Let's see when you can start taking your pension once you've stopped paying in

What happens to your benefits and savings?

The benefits you’ve built up so far in the Retirement Income Builder will always belong to you. And they’ll carry on going up with inflation which means the value is protected.

When you come to take your benefits they’ll be based on different things, depending on your qualifying service. This means the amount of time you were building your pension with us – plus any time you were paying in to another pension (not including a personal pension) that you transferred to us.

If you have savings in the Investment Builder, these will remain invested until you decide to take them.

You need to have left the role where you’ve been building up your USS pension before you can take it.

How long have you been paying in to USS?

Less than two years

You must take your Retirement Income Builder benefits at the Normal Pension Age (NPA).

The amount you paid in (including any amount your employer paid in for you under salary sacrifice).

You’ll also get a one-off cash lump sum of three times the annual rate of your pension.

Any Investment Builder savings and Prudential Money Purchase AVCs will remain invested.

You can carry on managing your investments in My USS, but you can’t pay any more in.

More than two years

From age 55 – but your pension will be reduced to make up for it being paid out early.

You must take your Retirement Income Builder benefits by the Normal Pension Age (NPA). Your pension won’t be reduced if it’s taken at this age.
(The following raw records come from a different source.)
Lemma affine_lt_exp_after_root t : t1 < t -> p + q * t < exp (a * t).
Proof.
  intros Ht. set (s := t1 / t).
  assert (Hst : s * t = t1) by (unfold s; field; lra).
  assert (Hs : 0 < s < 1).
  { split; [unfold s; apply Rdiv_lt_0_compat; lra | nra]. }
  pose proof (exp_convex 0 (a * t) s ltac:(lra)) as Hconv.
  replace ((1 - s) * 0 + s * (a * t)) with (a * t1) in Hconv by (rewrite <- Hst; ring).
  rewrite exp_0, root in Hconv.
  assert (s * (p + q * t) < s * exp (a * t)) by nra.
  apply Rmult_lt_reg_l with s; lra.
Qed.

Lemma slope_lt_exp_at_root : q < a * exp (a * t1).
Proof.
  pose proof (exp_ineq1_le (- (a * t1))) as Hle.
  assert (Hinv : exp (a * t1) * exp (- (a * t1)) = 1)
    by (rewrite <- exp_plus, Rplus_opp_r; apply exp_0).
  assert (exp (a * t1) * (1 + - (a * t1)) <= exp (a * t1) * exp (- (a * t1)))
    by (apply Rmult_le_compat_l; [apply Rlt_le, exp_pos | exact Hle]).
  assert (q * t1 < a * exp (a * t1) * t1) by nra.
  apply Rmult_lt_reg_r with t1; lra.
Qed.

End ExpAffineRoot.

Lemma exp_affine_root_exists a p q : 0 < a -> 1 < p -> 0 < q ->
  exists t1, 0 < t1 /\ exp (a * t1) = p + q * t1.
Proof.
  intros Ha Hp Hq.
  set (g := fun t => exp (a * t) - (p + q * t)).
  assert (Hg : continuity g).
  { intros x. apply derivable_continuous_pt. eexists. apply is_derive_Reals.
    unfold g. auto_derive; [exact I | reflexivity]. }
  (* at T = 4K/a, e^{aT} >= (1 + 2K)^2 beats the line *)
  set (K := q / a + p). set (T := 4 * K / a).
  assert (HK : 0 < K) by (unfold K; assert (0 < q / a) by (apply Rdiv_lt_0_compat; lra); lra).
  assert (HaT : a * T = 4 * K) by (unfold T; field; lra).
  assert (HqT : q * T = 4 * K * (q / a)) by (unfold T; field; lra).
  assert (HT : 0 < T) by (unfold T; apply Rdiv_lt_0_compat; lra).
  assert (Hsq : exp (4 * K) = exp (2 * K) * exp (2 * K)) by (rewrite <- exp_plus; f_equal; ring).
  pose proof (exp_ineq1_le (2 * K)).
  assert (Hg0 : g 0 < 0) by (unfold g; rewrite Rmult_0_r, exp_0; lra).
  assert (HgT : 0 < g T).
  { unfold g. rewrite HaT, HqT, Hsq.
    assert ((1 + 2 * K) * (1 + 2 * K) <= exp (2 * K) * exp (2 * K))
      by (apply Rmult_le_compat; lra).
    assert (0 < q / a) by (apply Rdiv_lt_0_compat; lra).
    assert (K * K = K * (q / a) + K * p) by (unfold K; ring).
    assert (0 < K * p) by (apply Rmult_lt_0_compat; lra).
    assert (p < K) by (unfold K; lra).
    nra. }
  destruct (IVT g 0 T Hg HT Hg0 HgT) as [t1 [Ht1 Hgt1]].
  exists t1. split.
  - destruct (Req_dec t1 0); [subst; lra | lra].
  - unfold g in Hgt1. lra.
Qed.

Lemma wexp_decreasing w w' : w < w' -> w' <= -1 -> w' * exp w' < w * exp w.
Proof.
  intros Hww Hw'. set (d := w' - w).
  assert (Hd : 0 < d) by (unfold d; lra).
  assert (He : exp w' = exp w * exp d) by (rewrite <- exp_plus; f_equal; unfold d; ring).
  pose proof (exp_ineq1 d ltac:(lra)). pose proof (exp_pos w).
  assert (w' * exp d < w' * (1 + d)) by (apply Rmult_lt_gt_compat_neg_l; lra).
  assert (w' * (1 + d) <= w) by (unfold d in *; nra).
  rewrite He. nra.
Qed.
For anything you built up before 31 March 2016: Any Final Salary value or Career Revalued Benefits (CRB) you’d built up.

And everything after 31 March 2016: The amount you’ve built up in the Retirement Income Builder. For more on how you build these benefits, see what you'll get as a member.

You’ll also get a one-off cash lump sum of three times the annual rate of your pension.

These will remain invested until you’re ready to take them.

You can carry on managing your investments in My USS, but you can’t pay any more in.

Visit taking your benefits and savings for more information.

Working past the Normal Pension Age  (NPA)

If you work past the NPA and then leave your job, you’ll need to start taking your pension right away.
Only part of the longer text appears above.